После художественной школы я бралась за любую работу, какую удавалось найти, пока наконец не пробилась на место преподавателя в Вашингтоне. Время от времени я что-то выставляла, вступала в какие-то группы, даже попадала в хорошие мастерские. Я хочу рассказать вам о мастерской, в которую попала около трех лет назад, в конце августа. Она размещалась в старом поместье в Мэне, на побережье. Мне всегда хотелось побывать в тех местах и, может быть, написать их. Я доехала туда от Вашингтона в своем маленьком пикапе, в моем синем «шеви», который с тех пор сдала на свалку. Я любила грузовичок. В кузове лежали мольберты, большая деревянная коробка со всеми принадлежностями, спальный мешок, подушка и солдатский рюкзак, оставшийся у моего отца после службы в Корее, набитый джинсами и белыми футболками, старыми купальниками, старыми полотенцами, все старое. Собирая рюкзак, я сообразила, как далеко ушла от Маззи с ее воспитанием. Маззи никогда бы не допустила таких сборов: скомканная поношенная одежда вместе с серыми теннисками и пакетами новых кистей из собольего волоса. Она не потерпела бы моей барнеттовской футболки с полустершейся надписью на груди и брюк хаки с оторванным клапаном заднего кармана. Правда, неряхой я не стала: длинные волосы у меня блестели, кожа и поистрепавшаяся одежда были чистехоньки. На шее я носила золотую цепочку с гранатовой подвеской, купила новый кружевной лифчик и трусики, скрыв нарядное белье под рваньем. Я любила себя такой: обтянутые кружевами тугие округлости, скрытые под одеждой, не ради мужчин (от них я после колледжа успела устать), а ради минуты, когда я вечером снимала заляпанную краской белую блузку и джинсы с протертыми насквозь коленями. Только ради себя: я дорожила только собой.

Я выехала очень рано и свернула на второстепенную трассу к штату Мэн, переночевала на Род-Айленде в полупустом придорожном мотеле пятидесятых годов: маленькие белые коттеджи с надписями причудливым черным шрифтом. Все вместе неприятно напоминало мне мотель из фильма Хичкока «Психоз». Впрочем, убийц в нем не оказалось; я мирно проспала чуть ли не до восьми и позавтракала яичницей в прокуренной закусочной по соседству. Там же я сделала несколько набросков в записной книжке: засиженные мухами занавески, подвязанные по сторонам окна, ящик с искусственными цветами, люди, зашедшие выпить кофе. На границе штата Мэн стоял знак, предупреждающий, что на трассу могут выйти лоси, а вдоль дороги теснилась чаща вечнозеленых деревьев, подступавших к обочине, словно войско великанов — ни домов, ни проездов, только высокие ели миля за милей. А потом у самой обочины показалась светлая песчаная дюна, и я поняла, что подъезжаю к океану. Я взволновалась, как бывало, когда Маззи на летних каникулах возила нас на Кейп-Мэй в Нью-Джерси. Я представила, как буду писать морской берег, пейзажи или скалы у воды под луной… Совсем одна. В те времена я еще в полной мере наслаждалась романтичным «совсем одна», не зная пока, как скоро это становится одиночеством, как остро оно ощущается порой на развалинах прошедшего дня. И не только дня, если вы меня понимаете.

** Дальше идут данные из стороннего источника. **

(* Let $\Sigma$ be an alphabet with $|\Sigma|\geq 3$ and let $T=U\cdot P\cdot V$ be a string over $\Sigma$ such that $P$ is a non-empty string occurring exactly once in $T$ and $|U|,|V|<|P|$. Then there exists a string $P'$ over $\Sigma$ with $d_H(P,P')=1$ such that $T'=U\cdot P'\cdot V$ has no occurrence of $P$.
   Context: $\cdot$ denotes concatenation; $d_H$ is the Hamming distance between strings of equal length. *)

From mathcomp Require Import all_boot.
Set Implicit Arguments. Unset Strict Implicit. Unset Printing Implicit Defensive.

Definition occurs_at (S : eqType) (P T : seq S) (i : nat) : bool :=
  (i + size P <= size T) && (take (size P) (drop i T) == P).

Definition occ_count (S : eqType) (P T : seq S) : nat :=
  count (occurs_at P T) (iota 0 (size T).+1).

(* Hamming distance: number of mismatching positions (used on equal-length strings) *)
Definition hamming (S : eqType) (x y : seq S) : nat :=
  count (fun p => p.1 != p.2) (zip x y).

(* Replace the first letter [a] of [P] by a letter [c].  An occurrence of [P]
   in [U ++ c :: behead P ++ V] starting after [|U|] avoids the modified
   position, so it is an occurrence in the original text, excluded by
   uniqueness.  One starting at [i <= |U|] covers the modified position (as
   [|U| < |P|]) and forces [c = P[|U| - i]].  If two such positions
   [i2 < i1] are realizable, comparing both occurrences with the original one
   at [|U|] gives [P[|U| - i2] = P[i1 - i2] = a]; hence only the largest
   realizable position can force a letter other than [a], and with three
   letters [c] can avoid both. *)
From mathcomp Require Import all_boot zify.

Set Implicit Arguments.
Unset Strict Implicit.
Unset Printing Implicit Defensive.

Lemma count_le1_eq (T : eqType) (p : pred T) (s : seq T) (x y : T) :
  count p s <= 1 -> x \in s -> y \in s -> p x -> p y -> x = y.
Proof.
rewrite -size_filter => size_le1 xs ys px py.
have: x \in filter p s by rewrite mem_filter px xs.
have: y \in filter p s by rewrite mem_filter py ys.
by case: (filter p s) size_le1 => [|z [|]] //=; rewrite !inE => _ /eqP-> /eqP->.
Qed.

Lemma exists_neq2 (T : finType) (x y : T) :
  2 < #|T| -> exists c : T, (c != x) && (c != y).
Proof.
move=> card_gt2.
have: 0 < #|[predC pred2 x y]|.
  move: card_gt2; rewrite -(cardC (pred2 x y)) card2 addSn ltnS.
  by case: (x != y); rewrite ?add0n ?add1n // => /ltnW.
by case/card_gt0P=> c; rewrite !inE negb_or => ?; exists c.
Qed.

Lemma hamming_cons (S : eqType) (x y : S) (s t : seq S) :
  hamming (x :: s) (y :: t) = (x != y) + hamming s t.
Proof. by []. Qed.

Lemma hamming_refl (S : eqType) (s : seq S) : hamming s s = 0.
Proof. by elim: s => //= x s; rewrite /hamming /= eqxx. Qed.

Section Occurrences.

Variable S : eqType.
Implicit Types (P T : seq S) (i j : nat).

Lemma occurs_atP (x0 : S) P T i :
  occurs_at P T i <->
  i + size P <= size T /\ forall k, k < size P -> nth x0 T (i + k) = nth x0 P k.
Proof.
rewrite /occurs_at; split.
  case/andP=> fits /eqP window; split=> // k lt_k.
  by rewrite -[in RHS]window nth_take // nth_drop.
case=> fits matches; rewrite fits /=; apply/eqP.
have size_window : size (take (size P) (drop i T)) = size P.
  by rewrite size_takel // size_drop; lia.
apply: (@eq_from_nth _ x0) => // k; rewrite size_window => lt_k.
by rewrite nth_take // nth_drop matches.
Qed.

Lemma occurs_at_cat U P V : occurs_at P (U ++ P ++ V) (size U).
Proof.
by rewrite /occurs_at drop_size_cat // take_size_cat // !size_cat eqxx; lia.
Qed.

Lemma occ_count_eq0 P T : (forall i, ~~ occurs_at P T i) -> occ_count P T = 0.
Proof.
move=> none; rewrite /occ_count (@eq_count _ _ pred0) ?count_pred0 // => i.
exact/negbTE.
Qed.

Lemma occ_count1_eq P T i j :
  occ_count P T = 1 -> occurs_at P T i -> occurs_at P T j -> i = j.
Proof.
have in_range k : occurs_at P T k -> k \in iota 0 (size T).+1.
  by case/andP; rewrite mem_iota; lia.
move=> count1 occ_i occ_j.
apply: count_le1_eq (in_range _ occ_i) (in_range _ occ_j) occ_i occ_j.
by rewrite -/(occ_count P T) count1.
Qed.

End Occurrences.

Arguments occurs_atP {S} x0 {P T i}.

Section FirstLetterSubstitution.

Variables (S : eqType) (U W V : seq S) (a : S).
Local Notation P := (a :: W).
Local Notation text c := (U ++ (c :: W) ++ V).

Lemma nth_text_at (c : S) : nth a (text c) (size U) = c.
Proof. by rewrite nth_cat ltnn subnn. Qed.

Lemma nth_text_neq (b c : S) n :
  n != size U -> nth a (text c) n = nth a (text b) n.
Proof.
rewrite !nth_cat; case: ltngtP => // lt_Un _.
have: 0 < n - size U by rewrite subn_gt0.
by case: (n - size U).
Qed.

Lemma text_occurs_after (b c : S) i :
  size U < i -> occurs_at P (text c) i -> occurs_at P (text b) i.
Proof.
move=> lt_Ui /(occurs_atP a)[fits matches]; apply/(occurs_atP a); split.
  by move: fits; rewrite !size_cat.
by move=> k lt_k; rewrite (nth_text_neq c); [exact: matches | lia].
Qed.

Hypothesis short_U : size U <= size W.

Lemma text_occurs_before (c : S) i :
  i <= size U -> occurs_at P (text c) i -> c = nth a P (size U - i).
Proof.
move=> le_iU /(occurs_atP a)[_ matches].
by rewrite -matches /= ?subnKC ?nth_text_at //; lia.
Qed.

Lemma text_occurs_before2 (c1 c2 : S) i1 i2 :
  i2 < i1 < size U ->
  occurs_at P (text c1) i1 -> occurs_at P (text c2) i2 -> c2 = a.
Proof.
case/andP=> lt_i21 lt_i1U occ1 occ2.
have /(occurs_atP a)[_ orig] := occurs_at_cat U P V.
have /(occurs_atP a)[_ match1] := occ1.
have /(occurs_atP a)[_ match2] := occ2.
have lt_P k : k <= size U -> k < size P.
  by move=> le_k; rewrite ltnS (leq_trans le_k).
rewrite (text_occurs_before (ltnW (ltn_trans lt_i21 lt_i1U)) occ2).
rewrite -match1 ?lt_P ?leq_subr // (nth_text_neq a); last lia.
have -> : i1 + (size U - i2) = size U + (i1 - i2) by lia.
rewrite orig; last by apply: lt_P; lia.
rewrite -match2; last by apply: lt_P; lia.
have neq_i1U : i1 != size U by rewrite ltn_eqF.
rewrite subnKC ?(ltnW lt_i21) //.
rewrite (nth_text_neq a _ neq_i1U) (nth_text_neq c1 _ neq_i1U).
by rewrite -[i1]addn0 match1.
Qed.

Lemma text_occurs_before_letters :
  exists x : S, forall c i,
    i <= size U -> occurs_at P (text c) i -> c = x \/ c = a.
Proof.
pose realizable i :=
  (i < size U) && occurs_at P (text (nth a P (size U - i))) i.
have realizableP c i : i < size U -> occurs_at P (text c) i -> realizable i.
  move=> lt_iU occ; rewrite /realizable lt_iU.
  by rewrite -(text_occurs_before (ltnW lt_iU) occ).
have at_U c : occurs_at P (text c) (size U) -> c = a.
  by move/(text_occurs_before (leqnn _)); rewrite subnn.
have [/hasP[i0 _ real_i0] | /hasPn none] :=
  boolP (has realizable (iota 0 (size U))).
  have bounded i : realizable i -> i <= size U by case/andP=> /ltnW.
  case: (ex_maxnP (ex_intro _ i0 real_i0) bounded) => i1.
  case/andP=> lt_i1U occ1 max_i1.
  exists (nth a P (size U - i1)) => c i.
  rewrite leq_eqVlt => /orP[/eqP-> /at_U | lt_iU occ]; first by right.
  have := max_i1 i (realizableP c i lt_iU occ).
  rewrite leq_eqVlt => /orP[/eqP eq_i | lt_i1].
    by left; rewrite (text_occurs_before (ltnW lt_iU) occ) eq_i.
  by right; apply: text_occurs_before2 occ1 occ; rewrite lt_i1.
exists a => c i.
rewrite leq_eqVlt => /orP[/eqP-> /at_U | lt_iU occ]; first by right.
move: (none i); rewrite mem_iota add0n lt_iU.
by rewrite (realizableP c i lt_iU occ) => /(_ isT).
Qed.

End FirstLetterSubstitution.

Theorem lemma7 (Sigma : finType) (U P V : seq Sigma) :
  2 < #|Sigma| ->
  0 < size P ->
  occ_count P (U ++ P ++ V) = 1 ->
  size U < size P -> size V < size P ->
  exists P' : seq Sigma,
    size P' = size P /\ hamming P P' = 1 /\
    occ_count P (U ++ P' ++ V) = 0.
Proof.
case: P => [//|a W] card_gt2 _ unique_occ short_U _.
have [x letters] := text_occurs_before_letters V a short_U.
have [c /andP[c_neq_x c_neq_a]] := exists_neq2 x a card_gt2.
exists (c :: W); split=> //; split.
  by rewrite hamming_cons hamming_refl eq_sym c_neq_a.
apply: occ_count_eq0 => i; apply/negP => occ.
case: (leqP i (size U)) => [le_iU | lt_Ui].
  by have [] := letters c i le_iU occ; apply/eqP.
have occ_orig := text_occurs_after a lt_Ui occ.
have := occ_count1_eq unique_occ (occurs_at_cat U (a :: W) V) occ_orig.
by move=> eq_i; rewrite eq_i ltnn in lt_Ui.
Qed.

Мне не сразу удалось найти поворот на дорогу, ведущую через городок и дальше: в буклете мастерской была маленькая карта, с дорогой, оканчивающейся на выезде из цивилизации. Последние две дороги, по которым я проехала, были грунтовыми и напоминали просеки через густой сосняк, но были мягкими, и на обочине в лесной тени прорастали маленькие сосенки. Через несколько миль я выехала к пряничному домику — так это выглядело — и увидела на деревянных воротах вывеску: «Центр отдыха Роки-Бич», и кругом никого, а чуть дальше дорога свернула на большую зеленую лужайку. Передо мной стоял большой деревянный дом с такими же пряничными украшениями под карнизами, а за ним блестел океан. Дом был громадный, бледно-розовый, и старые деревья, и большая площадка, на которой кто-то играл в крокет, и гамак. Я посмотрела на часы: срок регистрации только начался.

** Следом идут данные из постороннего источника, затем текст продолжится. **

Definition span1 (v w : V) := exists a : F, w = a *: v.
Definition span2 (x y w : V) := exists a b : F, w = a *: x + b *: y.
Definition free2 (x y : V) := forall a b : F, a *: x + b *: y = 0 -> a = 0 /\ b = 0.
Definition free3 (x y z : V) :=
  forall a b c : F, a *: x + b *: y + c *: z = 0 -> [/\ a = 0, b = 0 & c = 0].

Lemma span2_l x y : span2 x y x.
Proof. by exists 1, 0; rewrite scale1r scale0r addr0. Qed.

Lemma span2_r x y : span2 x y y.
Proof. by exists 0, 1; rewrite scale1r scale0r add0r. Qed.

Lemma span2_sym x y w : span2 x y w -> span2 y x w.
Proof. by move=> [a [b ->]]; exists b, a; rewrite addrC. Qed.

Lemma span2_add x y u v : span2 x y u -> span2 x y v -> span2 x y (u + v).
Proof.
move=> [a [b ->]] [c [d ->]]; exists (a + c), (b + d).
by rewrite !scalerDl addrACA.
Qed.

Lemma span2Z x y u (k : F) : span2 x y u -> span2 x y (k *: u).
Proof. by move=> [a [b ->]]; exists (k * a), (k * b); rewrite scalerDr !scalerA. Qed.

Lemma span2_sub x y u v : span2 x y u -> span2 x y v -> span2 x y (u - v).
Proof. by move=> hu hv; rewrite -scaleN1r; apply/span2_add/span2Z. Qed.

Lemma span2_comb x y u v (a b : F) :
  span2 x y u -> span2 x y v -> span2 x y (a *: u + b *: v).
Proof. by move=> hu hv; apply: span2_add; apply: span2Z. Qed.

Lemma span2_trans a b u v w :
  span2 a b u -> span2 a b v -> span2 u v w -> span2 a b w.
Proof. by move=> hu hv [c [d ->]]; apply: span2_comb. Qed.

Lemma span2_id a w : span2 a a w -> span1 a w.
Proof. by move=> [k [l ->]]; exists (k + l); rewrite scalerDl. Qed.

Lemma free2_sym x y : free2 x y -> free2 y x.
Proof. by move=> h a b e; have [] := h b a; rewrite // addrC. Qed.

Столовая, куда все сошлись вечером ужинать, располагалась в бывшем каретном сарае со снесенными перегородками. Под высоким потолком виднелись грубые балки, а по краям окон были вставлены квадратики цветного стекла. На дощатом полу расставили восемь или десять длинных столов, и молодые люди — студенты и студентки колледжа, они уже выглядели для меня молодыми — обходили их, разнося сифоны с водой. В конце зала была буфетная стойка с несколькими бутылками вина, стаканами и кувшином с цветами, а рядом открытые кулеры с пивом. Мне было неуютно, как в первый день в новой школе (хотя в детстве я все двенадцать лет отходила в одну школу) или на первом курсовом собрании, когда понимаешь вдруг, что все вокруг незнакомые и никому нет до тебя дела, и с этим придется как-то справляться. Я увидела, что несколько человек собрались группами у стойки с напитками, и направилась туда (я в те времена гордилась своей размашистой походкой) и, ни на кого не оглядываясь, вынула со льда бутылку пива. Оглядываясь в поисках открывашки, я плечом и локтем задела Роберта Оливера.

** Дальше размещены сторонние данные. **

(* Let $G$ be a tree with $p\ge 2$ vertices $v_1,\dots,v_p$. Then for every $i=1,\dots,p$, $\psi_i(\pm1)=(\mp1)^{p-1}$, and $\widetilde\psi(\pm1)=(p-1)(\mp1)^{p-2}$.
   Context: For a finite simple graph $G$ with vertices $v_1,\dots,v_p$, let $D=\mathrm{diag}(d(v_1),\dots,d(v_p))$ be the degree matrix and $A$ the adjacency matrix ($a_{vw}=1$ if $v,w$ adjacent, else $0$). Let $\psi(z)=\det(-zD+A)$ and, for each $i$, $\psi_i(z)=\det(-zD_i+A_i)$ where $D_i$, $A_i$ are the principal submatrices of $D$, $A$ obtained by deleting the row and column corresponding to $v_i$. For a tree, $\psi(\pm1)=0$ (known fact), and $\widetilde\psi(z):=\psi(z)/(z^2-1)$ is a polynomial. *)

From mathcomp Require Import all_boot all_order all_algebra.
Set Implicit Arguments.
Unset Strict Implicit.
Unset Printing Implicit Defensive.
Import GRing.Theory Num.Theory.
Local Open Scope ring_scope.

Definition simple_graph (p : nat) (e : rel 'I_p) : Prop :=
  symmetric e /\ irreflexive e.

Definition gconnected (p : nat) (e : rel 'I_p) : Prop :=
  forall x y : 'I_p, connect e x y.

Definition acyclic (p : nat) (e : rel 'I_p) : Prop :=
  forall c : seq 'I_p, (3 <= size c)%N -> uniq c -> ~~ cycle e c.

Definition is_tree (p : nat) (e : rel 'I_p) : Prop :=
  [/\ simple_graph e, gconnected e & acyclic e].

Definition deg (p : nat) (e : rel 'I_p) (v : 'I_p) : nat := #|[pred w | e v w]|.

Definition zDA (p : nat) (e : rel 'I_p) : 'M[{poly rat}]_p :=
  \matrix_(i, j) ((- 'X) * ((i == j)%:R * (deg e i)%:R) + (e i j)%:R).

Definition psi (p : nat) (e : rel 'I_p) : {poly rat} := \det (zDA e).

Definition psi_i (p : nat) (e : rel 'I_p) (i : 'I_p) : {poly rat} :=
  \det (row' i (col' i (zDA e))).

Definition psit (p : nat) (e : rel 'I_p) : {poly rat} :=
  psi e %/ ('X ^+ 2 - 1).

From mathcomp Require Import all_boot all_order all_algebra.
From mathcomp Require Import ring.
Set Implicit Arguments. Unset Strict Implicit. Unset Printing Implicit Defensive.
Import GRing.Theory Num.Theory.
Local Open Scope ring_scope.

(* Induction on the tree by removing a leaf v with neighbour u.  For the
   principal minors M_R(T) of -zD + A (degrees taken in the tree R), expanding
   along the row and column of v and noting that u loses one degree gives
     M_R(T) = -z M_{R-v}(T-v) + (z^2 - 1) M_{R-v}(T-v-u)      (v, u in T),
   together with simpler identities when T omits v or u.  At z = +-1 the last
   term vanishes, so each psi_i only picks up a factor -+1, while the quotient
   psi~ obeys psi~_R = -z psi~_{R-v} + psi_{R-v,u}, whence (p - 1)(-+1)^(p-2). *)

Section Masking.

Variables (R : comPzRingType) (n : nat).
Implicit Types (A B : 'M[R]_n) (S T : {set 'I_n}).

(* Replacing the rows and columns indexed by S with those of the identity
   makes [\det (mask_mx S A)] the principal minor of A on the complement of S,
   while keeping every matrix indexed by 'I_n. *)
Definition mask_mx S A : 'M[R]_n :=
  \matrix_(i, j) if (i \in S) || (j \in S) then (i == j)%:R else A i j.

Lemma mask_mx0 A : mask_mx set0 A = A.
Proof. by apply/matrixP => i j; rewrite !mxE !inE. Qed.

Lemma mask_mx_comp S T A : mask_mx T (mask_mx S A) = mask_mx (S :|: T) A.
Proof.
apply/matrixP => i j; rewrite !mxE !inE.
by case: (i \in S); case: (j \in S); case: (i \in T); case: (j \in T).
Qed.

Lemma tr_mask_mx S A : (mask_mx S A)^T = mask_mx S A^T.
Proof. by apply/matrixP => i j; rewrite !mxE orbC eq_sym. Qed.

Lemma expand_det_row_delta A j a :
  (forall b, A j b = a * (j == b)%:R) -> \det A = a * \det (row' j (col' j A)).
Proof.
move=> Aj; rewrite (expand_det_row _ j) (bigD1 j) //= big1 ?addr0.
  by rewrite Aj eqxx mulr1 /cofactor -signr_odd addnn odd_double mul1r.
by move=> k /negbTE kj; rewrite Aj eq_sym kj mulr0 mul0r.
Qed.

Lemma det_mask_mx1 A j : \det (mask_mx [set j] A) = \det (row' j (col' j A)).
Proof.
rewrite (@expand_det_row_delta _ j 1) => [|b]; last by rewrite mxE inE eqxx mul1r.
rewrite mul1r; congr (\det _); apply/matrixP => a b; rewrite !mxE !inE.
by rewrite eq_sym (negbTE (neq_lift j a)) eq_sym (negbTE (neq_lift j b)).
Qed.

Lemma det_row_delta A j a :
  (forall b, A j b = a * (j == b)%:R) -> \det A = a * \det (mask_mx [set j] A).
Proof. by move=> Aj; rewrite det_mask_mx1; apply: expand_det_row_delta. Qed.

Lemma det_col_delta A j a :
  (forall b, A b j = a * (b == j)%:R) -> \det A = a * \det (mask_mx [set j] A).
Proof.
move=> Aj; rewrite -det_tr -[\det (mask_mx _ _)]det_tr tr_mask_mx.
by apply: det_row_delta => b; rewrite mxE Aj eq_sym.
Qed.

Lemma det_xcol A u v : u != v -> \det (xcol u v A) = - \det A.
Proof.
by move=> uv; rewrite xcolE det_mulmx det_perm perm.odd_tperm uv expr1 mulrN1.
Qed.

Lemma det_row_add_delta A B u a :
  (forall b, B u b = A u b + a * (u == b)%:R) -> row' u B = row' u A ->
  \det B = \det A + a * \det (mask_mx [set u] A).
Proof.
move=> Bu BA.
pose C := \matrix_(i, j) if i == u then (u == j)%:R else A i j : R.
have -> : \det B = 1 * \det A + a * \det C.
  apply: (determinant_multilinear (i0 := u)).
  - by apply/rowP => b; rewrite !mxE eqxx Bu mul1r.
  - by rewrite BA.
  - apply/matrixP => i j; rewrite !mxE eq_sym (negbTE (neq_lift u i)).
    by move/matrixP: BA => /(_ i j); rewrite !mxE.
rewrite mul1r (@det_row_delta C u 1) ?mul1r => [|b]; last by rewrite mxE eqxx mul1r.
congr (_ + _ * \det _); apply/matrixP => i j; rewrite !mxE !inE.
by case: (i =P u) => [->|] //=; rewrite eqxx.
Qed.

Lemma det_pendant A v u a : u != v ->
  (forall b, A v b = a * (v == b)%:R + (u == b)%:R) ->
  (forall b, A b v = a * (b == v)%:R + (b == u)%:R) ->
  \det A = a * \det (mask_mx [set v] A) - \det (mask_mx [set v; u] A).
Proof.
move=> uv Av Acv; have vu : v != u by rewrite eq_sym.
pose B1 := \matrix_(i, j) if i == v then (v == j)%:R else A i j : R.
pose B2 := \matrix_(i, j) if i == v then (u == j)%:R else A i j : R.
have -> : \det A = a * \det B1 + 1 * \det B2.
  apply: (determinant_multilinear (i0 := v)).
  - by apply/rowP => b; rewrite !mxE !eqxx Av mul1r.
  - by apply/matrixP => i j; rewrite !mxE eq_sym (negbTE (neq_lift v i)).
  - by apply/matrixP => i j; rewrite !mxE eq_sym (negbTE (neq_lift v i)).
have -> : mask_mx [set v] A = mask_mx [set v] B1.
  apply/matrixP => i j; rewrite !mxE !inE.
  by case: (i =P v) => //= ->; case: (j =P v) => //= ->.
rewrite [\det B1](@det_row_delta B1 v 1) ?mul1r => [|b]; last first.
  by rewrite mxE eqxx mul1r.
congr (_ + _).
(* Swapping columns u and v turns column u of B2 into the unit vector e_u. *)
pose C := xcol u v B2.
rewrite -[\det B2]opprK -(det_xcol B2 uv); congr (- _).
rewrite (@det_col_delta C u 1) ?mul1r => [|b]; last first.
  rewrite mxE perm.tpermL mxE mul1r.
  case: (b =P v) => [->|bv]; first by rewrite (negbTE uv) (negbTE vu).
  by rewrite Acv; move/eqP/negbTE: bv => ->; rewrite mulr0 add0r.
rewrite (@det_row_delta _ v 1) ?mul1r => [|b]; last first.
  rewrite mxE !inE mul1r (negbTE vu) /=.
  case: (b =P u) => [->|bu] //=; rewrite !mxE eqxx.
  case: (b =P v) => [->|bv]; first by rewrite perm.tpermR !eqxx.
  rewrite perm.tpermD; last 2 first.
  - by apply/eqP => h; apply: bu.
  - by apply/eqP => h; apply: bv.
  by rewrite eq_sym (introF eqP bu) eq_sym (introF eqP bv).
rewrite !mask_mx_comp; congr (\det _); apply/matrixP => i j; rewrite !mxE !inE.
case: (i =P u) => [_|iu] //; case: (i =P v) => [_|iv] //;
case: (j =P u) => [_|ju] //; case: (j =P v) => [_|jv] //=.
rewrite perm.tpermD //.
- by apply/eqP => h; apply: ju; rewrite h.
- by apply/eqP => h; apply: jv; rewrite h.
Qed.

Точно, это был Роберт. Он стоял в полупрофиль ко мне и сторонился, уступал мне дорогу, даже не взглянув, кто на него налетел. Он разговаривал с каким-то худощавым мужчиной с седеющей узкой бородкой. Это несомненно, определенно был Роберт Оливер. Кудрявые пряди сзади отросли чуть длиннее, чем мне помнилось, а сквозь голубой рукав рубахи просвечивал загорелый локоть. В каталоге мастерской его имя не упоминалось. Почему он здесь? Сзади на его светлых легких брюках виднелось пятно жира или краски, словно он, как маленький, вытирал руки о штаны. Несмотря на вечернюю прохладу, на нем были тяжелые пляжные сандалеты. В одной руке он держал бутылку пива, а другой размахивал, втолковывая что-то узколобому собеседнику. Все такой же высокий, статный.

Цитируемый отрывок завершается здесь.